* [EXERCISE]:
Please repeat the lines below, exactly and only, from the one that holds "is_compact S ->" through the one that holds "- intros N. apply open_cube_open.".

*** Opening of PROVIDED INFORMATION ***

Lemma cube_comb {m} (z w1 w2 : vec m) h c : cube z h w1 -> cube z h w2 -> 0 <= c <= 1 ->
  cube z h (comb c w1 w2).
Proof.
  intros H1 H2 Hc i Hi. rewrite comb_i.
  replace (c * w1 i + (1 - c) * w2 i - z i) with (c * (w1 i - z i) + (1 - c) * (w2 i - z i))
    by ring.
  eapply Rle_trans; [apply Rabs_triang|].
  rewrite !Rabs_mult, (Rabs_right c), (Rabs_right (1 - c)) by lra.
  specialize (H1 i Hi). specialize (H2 i Hi). nra.
Qed.

Lemma rsum_mul_diff_le {m} (a : nat -> R) (u v : vec m) e : cube v e u ->
  Rabs (rsum m (fun j => a j * u j) - rsum m (fun j => a j * v j))
  <= rsum m (fun j => Rabs (a j)) * e.
Proof.
  intros H.
  replace (rsum m (fun j => a j * u j) - rsum m (fun j => a j * v j))
    with (rsum m (fun j => a j * (u j - v j))).
  2:{ replace (rsum m (fun j => a j * u j) - rsum m (fun j => a j * v j))
        with (1 * rsum m (fun j => a j * u j) + (-1) * rsum m (fun j => a j * v j)) by ring.
      rewrite <- rsum_lin. apply rsum_ext. intros; ring. }
  eapply Rle_trans; [apply rsum_abs|]. rewrite Rmult_comm, <- rsum_scal. apply rsum_le.
  intros j Hj. rewrite Rabs_mult. specialize (H j Hj). pose proof (Rabs_pos (a j)). nra.
Qed.

Lemma open_cube_open {m} (z : vec m) r : is_open (open_cube z r).
Proof.
  intros y Hy. destruct (finite_slack m (fun i => Rabs (y i - z i)) r Hy) as [d [Hd Hd']].
  exists d. split; auto. intros w Hw i Hi.
  pose proof (coord_sub_le_vnorm w y i). specialize (Hd' i Hi).
  replace (w i - z i) with ((w i - y i) + (y i - z i)) by ring.
  eapply Rle_lt_trans; [apply Rabs_triang|]. lra.
Qed.

Lemma is_open_and {m} (P : Prop) (U : vec m -> Prop) : is_open U -> is_open (fun y => P /\ U y).
Proof.
  intros HU y [HP Hy]. destruct (HU y Hy) as [d [Hd H]]. exists d; split; auto.
Qed.

Lemma compact_bounded {m} (S : vec m -> Prop) : is_compact S ->
  exists R, 0 <= R /\ forall y, S y -> forall i, Rabs (y i) <= R.
Proof.
  intros HS.
  destruct (HS nat (fun N => open_cube vzero (INR N))) as [l Hl].
  - intros N. apply open_cube_open.
  - intros y _. destruct (finite_nat_bound m (fun i => Rabs (y i - (@vzero m) i))) as [N HN].
    eauto.
  - exists (INR (fold_right Nat.max 0%nat l)). split; [apply pos_INR|].
    intros y Hy i. destruct (Hl y Hy) as [N [HN HU]].
    destruct (Nat.lt_ge_cases i m) as [Hi|Hi].
    + specialize (HU i Hi). rewrite vzero_i, Rminus_0_r in HU.
      pose proof (le_INR _ _ (fold_max_ge l N HN)). lra.
    + rewrite (vsupp y i Hi), Rabs_R0. apply pos_INR.
Qed.

Lemma compact_sq_diameter {m} (K : vec m -> Prop) : is_compact K -> exists D, 0 <= D /\
  forall y z, K y -> K z -> vnorm (vsub y z) ^ 2 <= D.
Proof.
  intros HK. destruct (compact_bounded K HK) as [R [HR HRy]].
  exists (INR m * ((2 * R) * (2 * R))). split; [apply Rmult_le_pos; [apply pos_INR | nra]|].
  intros y z Hy Hz. rewrite vnorm_sq. unfold vinner. rewrite <- rsum_const. apply rsum_le.
  intros i Hi. rewrite vsub_i. pose proof (HRy y Hy i). pose proof (HRy z Hz i).
  assert (Rabs (y i - z i) <= 2 * R).
  { unfold Rminus. eapply Rle_trans; [apply Rabs_triang|]. rewrite Rabs_Ropp. lra. }
  change ((y i - z i) * (y i - z i)) with (Rsqr (y i - z i)). rewrite Rsqr_abs. unfold Rsqr.
  pose proof (Rabs_pos (y i - z i)). nra.
Qed.

Lemma compact_seq_closed {m} (K : vec m -> Prop) (s : nat -> vec m) l :
  is_compact K -> (forall j, K (s j)) -> vconv s l -> K l.
Proof.
  intros HS Hs Hc. apply NNPP. intros Hl.
  set (far := fun (N : nat) (y : vec m) =>
    exists i, (i < m)%nat /\ / INR (S N) < Rabs (y i - l i)).
  destruct (HS nat far) as [L HL].
  - intros N y [i [Hi Hy]].
    exists (Rabs (y i - l i) - / INR (S N)). split; [lra|].
    intros w Hw. exists i. split; auto.
    pose proof (coord_sub_le_vnorm w y i).
    assert (Rabs (y i - l i) <= Rabs (w i - y i) + Rabs (w i - l i)).
    { replace (y i - l i) with (-(w i - y i) + (w i - l i)) by ring.
      eapply Rle_trans; [apply Rabs_triang|]. rewrite Rabs_Ropp. lra. }
    lra.
  - intros y Hy.
    assert (Hne : exists i, (i < m)%nat /\ y i <> l i).
    { apply NNPP. intros Hn. apply Hl. replace l with y; auto. apply vec_ext. intros i.
      destruct (Nat.lt_ge_cases i m) as [Hi|Hi].
      - apply NNPP. intros Hne. apply Hn. eauto.
      - rewrite !vsupp by auto. reflexivity. }
    destruct Hne as [i [Hi Hne]].
    assert (Hpos : 0 < Rabs (y i - l i)) by (apply Rabs_pos_lt; lra).
    destruct (archimed_cor1 _ Hpos) as [N [HN HN0]].
    exists (pred N), i. split; auto. replace (S (pred N)) with N by lia. exact HN.
  - set (N0 := fold_right Nat.max 0%nat L).
    assert (He : / INR (S N0) > 0) by (apply Rinv_0_lt_compat, lt_0_INR; lia).
    destruct (Hc _ He) as [k Hk]. specialize (Hk k (le_n k)).
    destruct (HL (s k) (Hs k)) as [N [HN [i [Hi Hlt]]]].
    pose proof (coord_sub_le_vnorm (s k) l i).
    assert (/ INR (S N0) <= / INR (S N)).
    { apply Rinv_le_contravar; [apply lt_0_INR; lia|].
      apply le_INR. pose proof (fold_max_ge L N HN). fold N0 in H0. lia. }
    lra.
Qed.

Lemma compact_seq_near_earlier {m} (K : vec m -> Prop) (y : nat -> vec m) d N :
  is_compact K -> (forall k, (1 <= k)%nat -> K (y k)) -> d > 0 ->
  exists M, forall k, (M <= k)%nat -> exists j, (N <= j)%nat /\ (j < k)%nat /\
     open_cube (y j) (2 * d) (y k).
Proof.
  intros HK Hy Hd.
  set (U := fun (c w : vec m) => K c /\ open_cube c d w).
  destruct (HK (vec m) U) as [l Hl].
  - intros c. apply is_open_and, open_cube_open.
  - intros c Hc. exists c. split; auto. apply open_cube_center; lra.
  - (* fix, for each center whose cube the sequence enters after time [N], one such time *)
    assert (Hvisit : forall l : list (vec m), exists M, forall c, In c l ->
        forall k, (M <= k)%nat -> U c (y k) -> exists j, (N <= j)%nat /\ (j < k)%nat /\ U c (y j)).
    { induction l0 as [|c l0 IH].
      - exists 0%nat. simpl; tauto.
      - destruct IH as [M HM].
        destruct (classic (exists k0, (N <= k0)%nat /\ U c (y k0))) as [[k0 [Hk0 HU]]|Hno].
        + exists (Nat.max M (k0 + 1)). intros c' Hc' k Hk HUk. destruct Hc' as [<-|Hc'].
          * exists k0. repeat split; try lia; apply HU.
          * apply HM; auto; lia.
        + exists (Nat.max M N). intros c' Hc' k Hk HUk. destruct Hc' as [<-|Hc'].
          * exfalso. apply Hno. exists k. split; auto; lia.
          * apply HM; auto; lia. }
    destruct (Hvisit l) as [M HM].
    exists (Nat.max M 1). intros k Hk.
    destruct (Hl (y k) (Hy k ltac:(lia))) as [c [Hc HUc]].
    destruct (HM c Hc k ltac:(lia) HUc) as [j [Hj1 [Hj2 [_ HUj]]]].
    exists j. repeat split; auto. intros i Hi.
    destruct HUc as [_ H1]. specialize (H1 i Hi). specialize (HUj i Hi).
    replace (y k i - y j i) with ((y k i - c i) - (y j i - c i)) by ring.
    eapply Rle_lt_trans; [apply Rabs_triang|]. rewrite Rabs_Ropp. lra.
Qed.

*** Close of PROVIDED INFORMATION ***

* [RESPONSE BELOW]:
Lemma compact_bounded {m} (S : vec m -> Prop) : is_compact S ->
  exists R, 0 <= R /\ forall y, S y -> forall i, Rabs (y i) <= R.
Proof.
  intros HS.
  destruct (HS nat (fun N => open_cube vzero (INR N))) as [l Hl].
  - intros N. apply open_cube_open.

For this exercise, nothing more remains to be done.